**Activity:** Every line that holds the word "unfold" needs to be copied from the data below.

Dataset records: Begin

Lemma almost_nondecreasing_lower_bound (g : R -> R) (tau eps Y rho : R) :
  (forall x, 0 < x -> 0 < g x) -> 0 <= tau < 1 -> 0 < eps -> 0 < Y ->
  almost_nondecreasing g tau eps ->
  exists a, 0 < a /\ forall y, Y <= y <= rho * Y -> a <= g y.
Proof.
  intros Hpos Htau Heps HY Hg.
  assert (Hchain : forall (j : nat) z, Y <= z <= (1 + eps) ^ j * Y ->
    (1 - tau) ^ j * g Y <= g z).
  { induction j as [|j IH]; intros z Hz.
    - simpl in *; replace z with Y by lra; lra.
    - set (x := Rmax Y (z / (1 + eps))).
      assert (Hzx : z = (1 + eps) * (z / (1 + eps))) by (field; lra).
      assert (HYx : Y <= x) by apply Rmax_l.
      assert (Hxz : x <= z <= (1 + eps) * x).
      { split; [apply Rmax_lub; nra |].
        pose proof (Rmax_r Y (z / (1 + eps))) as Hx; fold x in Hx; nra. }
      assert (Hxj : x <= (1 + eps) ^ j * Y).
      { apply Rmax_lub.
        - pose proof (pow_R1_Rle (1 + eps) j ltac:(lra)); nra.
        - simpl in Hz; nra. }
      pose proof (IH x (conj HYx Hxj)); pose proof (Hg x z ltac:(lra) Hxz).
      simpl; nra. }
  destruct (exists_pow_ge (1 + eps) rho ltac:(lra)) as [J HJ].
  exists ((1 - tau) ^ J * g Y); split.
  - apply Rmult_lt_0_compat; [apply pow_lt; lra | apply Hpos; lra].
  - intros y Hy; apply Hchain; nra.
Qed.

Lemma geometric_cover (rho Y z : R) : 1 < rho -> 0 < Y -> Y <= z ->
  exists k : nat, rho ^ k * Y <= z <= rho ^ S k * Y.
Proof.
  intros Hrho HY Hz; destruct (exists_pow_ge rho (z / Y) Hrho) as [N HN].
  assert (HzN : z <= rho ^ N * Y).
  { replace z with (z / Y * Y) by (field; lra); nra. }
  clear HN; induction N as [|N IH].
  - exists 0%nat; simpl in *; nra.
  - destruct (Rle_dec z (rho ^ N * Y)) as [Hle | Hgt]; [apply IH; exact Hle |].
    exists N; lra.
Qed.

Section GeometricGrowth.
Variables (g : R -> R) (rho c Y a : R).
Hypotheses (Hrho : 1 < rho) (HY : 0 < Y).
Hypothesis Hstep : forall y, Y <= y -> c * g y <= g (rho * y).
Hypothesis Hbase : forall y, Y <= y <= rho * Y -> a <= g y.

Lemma geometric_growth_pow (Hc : 0 <= c) :
  forall (k : nat) z, rho ^ k * Y <= z <= rho ^ S k * Y -> c ^ k * a <= g z.
Proof.
  induction k as [|k IH]; intros z Hz.
  - simpl in *; rewrite Rmult_1_l; apply Hbase; lra.
  - set (w := z / rho); assert (Hw : z = rho * w) by (unfold w; field; lra).
    assert (Hpk : 1 <= rho ^ k) by (apply pow_R1_Rle; lra).
    assert (Hwk : rho ^ k * Y <= w <= rho ^ S k * Y) by (simpl in *; nra).
    pose proof (IH w Hwk); pose proof (Hstep w ltac:(nra)).
    rewrite Hw; simpl; nra.
Qed.

Lemma ln_ge_of_geometric_growth (Hc : 0 < c) (Ha : 0 < a) :
  exists C, forall z, Y <= z -> ln c / ln rho * ln z - C <= ln (g z).
Proof.
  assert (Hlr : 0 < ln rho) by (rewrite <- ln_1; apply ln_increasing; lra).
  set (lam := ln c / ln rho).
  exists (Rabs lam * (ln rho + Rabs (ln Y)) - ln a); intros z Hz.
  destruct (geometric_cover rho Y z Hrho HY Hz) as [k Hk].
  assert (Hck : 0 < c ^ k) by (apply pow_lt; lra).
  assert (Hpk : 0 < rho ^ k) by (apply pow_lt; lra).
  assert (Hlg : ln (c ^ k * a) <= ln (g z))
    by (apply ln_le; [nra | apply geometric_growth_pow; auto; lra]).
  assert (Hl1 : ln (rho ^ k * Y) <= ln z) by (apply ln_le; [nra | lra]).
  assert (Hl2 : ln z <= ln (rho ^ S k * Y)) by (apply ln_le; [lra | lra]).
  rewrite ln_mult, ln_pow in Hlg, Hl1, Hl2 by (try apply pow_lt; lra).
  rewrite S_INR in Hl2.
  set (u := INR k * ln rho - ln z).
  assert (Hu : Rabs u <= ln rho + Rabs (ln Y)).
  { pose proof (Rle_abs (ln Y)); pose proof (Rle_abs (- ln Y)).
    rewrite Rabs_Ropp in *; apply Rabs_le; unfold u; lra. }
  assert (Hkc : INR k * ln c = lam * ln z + lam * u) by (unfold u, lam; field; lra).
  assert (Hlu : Rabs (lam * u) <= Rabs lam * (ln rho + Rabs (ln Y)))
    by (rewrite Rabs_mult; apply Rmult_le_compat_l; [apply Rabs_pos | exact Hu]).
  pose proof (Rle_abs (- (lam * u))); rewrite Rabs_Ropp in *; lra.
Qed.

Dataset records: End

**Task response:**
  - set (w := z / rho); assert (Hw : z = rho * w) by (unfold w; field; lra).
    rewrite Rabs_Ropp in *; apply Rabs_le; unfold u; lra. }
  assert (Hkc : INR k * ln c = lam * ln z + lam * u) by (unfold u, lam; field; lra).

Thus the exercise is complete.